Дрожащим голосом хозяйка воскликнула:

— Иннокентий… Ты?!. Я сразу узнала тебя, да глазам своим не поверила… Ждала тебя десять лет. Думала, и твои косточки тоже сгнили. Кольки-то уже нет в живых…

Пока Иннокентий с хозяйкой разговаривали так, Шимен прошмыгнул к выходу и ушел в ночь, подальше от проклятого места, куда занесли его смертельная усталость и жажда отдохнуть любой ценой.

После этого происшествия, которое могло стоить ему жизни, Шимен не останавливался в деревнях и селах, опять ночевал где попало, забравшись в ригу или сарай, зарывшись в скирду соломы, а то и вовсе под открытым кебом, на куче срезанного бурьяна. Питался он тем, что сердобольные хозяйки подавали ему из окон своих небогатых хат. Дожди выпадали чаще, одолевала сырость, дни становились холодней, но он все ближе подходил к родным местам. Все чаще огоньки деревень и хуторов, мимо которых он проходил, манили его зайти, тут — думалось ему — наверняка он найдет приют, постель, тепло и ломоть свежего хлеба. И все же каждый раз осторожность мешала ему войти под гостеприимный кров какой-нибудь хаты.

Вот так, от деревни до деревни, избегая больших дорог, брел он, едва волоча ноги, измученный и подавленный безмерной усталостью. И когда однажды он остановился у степной, заросшей камышом речки, чтобы смыть с лица и шеи едкую дорожную пыль, его поразило страшное, неузнаваемое лицо, глянувшее на него из зеркала воды: это был он и не он, заросший, исхудавший, обожженный солнцем и ветром, с ввалившимися глазами, в которых, казалось, навсегда застыли тревога и тоска.

«Да полно, я ли это, Шимен Ходош? — подумал он. — И верно, совсем я не Ходош, а Даниил Прокопенко.
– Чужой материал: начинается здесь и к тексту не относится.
(* Let $d = 2$ and assume $\varphi$ is twice continuously differentiable. For $X \in \mathcal{M}$, the eigenvalues of the Riemannian Hessian of $f$ at $X$ (a self-adjoint operator on the $n$-dimensional space $\mathrm{T}_X\mathcal{M}$) are equal to the eigenvalues of $-L(M)$, where $M$ has entries $m_{ij} = w_{ij}\, h(x_i^\top x_j)$ with $h(t) = t\varphi'(t) - (1-t^2)\varphi''(t)$. Moreover, $X$ is a critical point of $f$ with negative semidefinite Riemannian Hessian if and only if $$X\,\mathrm{ddiag}(X^\top X A) = XA \quad\text{and}\quad \mathrm{ddiag}(X^\top X A) - A \odot X^\top X \succeq L(K),$$ where $A = W \odot \varphi'(X^\top X)$ and $K = W \odot \varphi''(X^\top X) \odot \big(\mathbf{1}\mathbf{1}^\top - (X^\top X)^{\odot 2}\big)$.
   Context: $\mathcal{M} = (\mathbb{S}^{1})^n = \{X\in\mathbb{R}^{2\times n} : \text{columns } x_i \text{ unit norm}\}$, a Riemannian submanifold of $\mathbb{R}^{2\times n}$ with the Frobenius metric. $W$ is symmetric with nonnegative entries, $f(X) = \frac12\sum_{i,j} w_{ij}\varphi(x_i^\top x_j)$; $\varphi,\varphi',\varphi''$ act entrywise on matrices. For a symmetric $M \in \mathbb{R}^{n\times n}$, $L(M) = \mathrm{diag}(M\mathbf{1}) - M$ (graph Laplacian), where $\mathrm{diag}(v)$ is the diagonal matrix with diagonal $v$ and $\mathbf{1}$ is the all-ones vector. $\odot$ is the entrywise product, $(\cdot)^{\odot 2}$ entrywise squaring, $\mathrm{ddiag}$ zeroes off-diagonal entries, $\succeq$ is the Loewner order. *)

From HB Require Import structures.
From mathcomp Require Import all_boot all_order all_algebra.
From mathcomp Require Import all_classical all_reals all_analysis.
Set Implicit Arguments. Unset Strict Implicit. Unset Printing Implicit Defensive.
Import Order.TTheory GRing.Theory Num.Theory numFieldNormedType.Exports.
Local Open Scope ring_scope.

Section Defs.
Variables (R : realType) (n : nat).

Definition onM (X : 'M[R]_(2, n)) : Prop :=
  forall i : 'I_n, \sum_(k < 2) X k i ^+ 2 = 1.

Definition frob (A B : 'M[R]_(2, n)) : R :=
  \sum_(k < 2) \sum_(i < n) A k i * B k i.

Definition tangent (X U : 'M[R]_(2, n)) : Prop :=
  forall i : 'I_n, \sum_(k < 2) X k i * U k i = 0.

Definition fcost (phi : R -> R) (W : 'M[R]_n) (Y : 'M[R]_(2, n)) : R :=
  2^-1 * \sum_(i < n) \sum_(j < n) W i j * phi ((Y^T *m Y) i j).

Definition egrad (F : 'M[R]_(2, n) -> R) (Y : 'M[R]_(2, n)) : 'M[R]_(2, n) :=
  \matrix_(k, i) derive1 (fun t : R => F (Y + t *: delta_mx k i)) 0.

(* orthogonal projection onto T_Y M (for Y in M): Z - Y ddiag(Y^T Z);
   the formula is also used off M as a smooth extension *)
Definition proj (Y Z : 'M[R]_(2, n)) : 'M[R]_(2, n) :=
  \matrix_(k, i) (Z k i - (\sum_(l < 2) Y l i * Z l i) * Y k i).

Definition rgrad (F : 'M[R]_(2, n) -> R) (X : 'M[R]_(2, n)) : 'M[R]_(2, n) :=
  proj X (egrad F X).

(* Riemannian Hessian of a Riemannian submanifold of a Euclidean space:
   Hess f(X)[U] = Proj_X (D Gbar(X)[U]) where Gbar(Y) = Proj_Y(grad fbar(Y))
   is a smooth extension of the Riemannian gradient. *)
Definition rhess (F : 'M[R]_(2, n) -> R) (X U : 'M[R]_(2, n)) : 'M[R]_(2, n) :=
  proj X (\matrix_(k, i) derive1 (fun t : R => rgrad F (X + t *: U) k i) 0).

Definition hadamard (m p : nat) (A B : 'M[R]_(m, p)) : 'M[R]_(m, p) :=
  \matrix_(i, j) (A i j * B i j).

Definition entrywise (m p : nat) (g : R -> R) (A : 'M[R]_(m, p)) : 'M[R]_(m, p) :=
  \matrix_(i, j) g (A i j).

Definition ddiag (A : 'M[R]_n) : 'M[R]_n := diag_mx (\row_i A i i).

Definition laplacian (M : 'M[R]_n) : 'M[R]_n :=
  diag_mx (\row_i \sum_(j < n) M i j) - M.

Definition psd (A : 'M[R]_n) : Prop :=
  forall v : 'cV[R]_n, 0 <= (v^T *m A *m v) 0 0.
Definition loewner_ge (P Q : 'M[R]_n) : Prop := psd (P - Q).

End Defs.

Definition C2 (R : realType) (phi : R -> R) : Prop :=
  (forall x : R, derivable phi x 1) /\
  (forall x : R, derivable (derive1 phi) x 1) /\
  continuous (derive1 (derive1 phi)).

From Pilot Require Import Defs.
From HB Require Import structures.
From mathcomp Require Import all_boot all_order all_algebra.
From mathcomp Require Import all_classical all_reals all_analysis.
From mathcomp Require Import ring lra.
Import Order.TTheory GRing.Theory Num.Theory.
Set Implicit Arguments. Unset Strict Implicit. Unset Printing Implicit Defensive.
Local Open Scope ring_scope.

(* In the coordinates of R^(2 x n) the Euclidean gradient of f is Y A(Y), with
   A(Y) = W o phi'(Y^T Y), so the Riemannian gradient extends to the smooth field
   Y A(Y) - Y ddiag(Y^T Y A(Y)), and the Hessian is obtained by differentiating it
   along X + tU and projecting.  On (S^1)^n a tangent vector has columns
   u_i = a_i J x_i, J the rotation by pi/2, and U |-> a is an isometry of T_X M onto
   R^n.  In these coordinates the Hessian form splits into one polynomial identity
   per pair of columns, where Lagrange's identity (x_i . J x_j)^2 = 1 - (x_i . x_j)^2
   produces the factor 1 - t^2 of h; summing gives <V, Hess f(X)[U]> = - b^T L(M) a
   for V with coordinates b.  Hence the Hessian in an orthonormal basis is an
   orthogonal conjugate of -L(M), and the second-order conditions follow from
   L(M) = ddiag(X^T X A) - A o X^T X - L(K). *)

Section DeriveMx.
Variable R : realType.
Implicit Types (x : R) (f g : R -> R).

Lemma is_derive1_comp f g x df :
  is_derive x 1 f df -> derivable g (f x) 1 ->
  is_derive x 1 (fun t => g (f t)) (derive1 g (f x) * df).
Proof.
move=> [df1 dfE] dg; apply: DeriveDef.
  by apply/derivable1_diffP/differentiable_comp; exact/derivable1_diffP.
by rewrite -derive1E (derive1_comp df1 dg) [derive1 f x]derive1E dfE.
Qed.

Lemma is_derive_sumr n (F : 'I_n -> R -> R) x (dF : 'I_n -> R) :
  (forall i, is_derive x 1 (F i) (dF i)) ->
  is_derive x 1 (fun t => \sum_(i < n) F i t) (\sum_(i < n) dF i).
Proof. by move=> dF_F; rewrite -fct_sumE; exact: is_derive_sum. Qed.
И очень хорошо, что я непохож на самого себя, так непохож, что, пожалуй, и родная мать меня бы сейчас не узнала».

Чем ближе подходил он к родным местам, тем больше думал о своей семье, о матери, о близких. «Они, наверное, давно уже эвакуировались, и я найду лишь пустые стены, — говорил себе Шимен. — Ну, что ж, взгляну на них и двинусь дальше».

Но в глубине души он боялся — а вдруг его семья не успела уехать? Мысль эта угнетала его, заставляла спешить из последних сил, чтобы поскорей узнать о судьбе близких. Иначе он давно бы уже пошел в сторону линии фронта, попытался бы перейти к своим.

От запахов, исходивших, казалось, из самых глубин плодородной земли, Шимену стало теплее на душе. Какими знакомыми и близкими выглядели здесь, рядом с родным домом, травы одичавшей, обезлюдевшей степи! Ведь он вырос под одним солнцем, под одним небом с ними, соки приазовской земли питали и его. Даже вороны, которые тоскливым протяжным карканьем предвещали приход морозов и метелей, гнездились на деревьях, которые росли на родной земле Шимена.

Он все чаще стал проходить мимо станций, деревень и поселков, названия которых были ему памятны с детства. Знакомые места! Вот Кобылянская балка, вот Графский и Маринфельский ветряки. Но, застывшие, неподвижные, они, видно, давно уже не машут могучими крыльями. А вот, справа от ветряков, карьеры, куда он, бывало, ездил за красной глиной, которою мать перед праздником окантовывала стены и шесток. А слева — Петерковские курганы, они сейчас кажутся Шимену ниже, приземистей, чем казались в детстве.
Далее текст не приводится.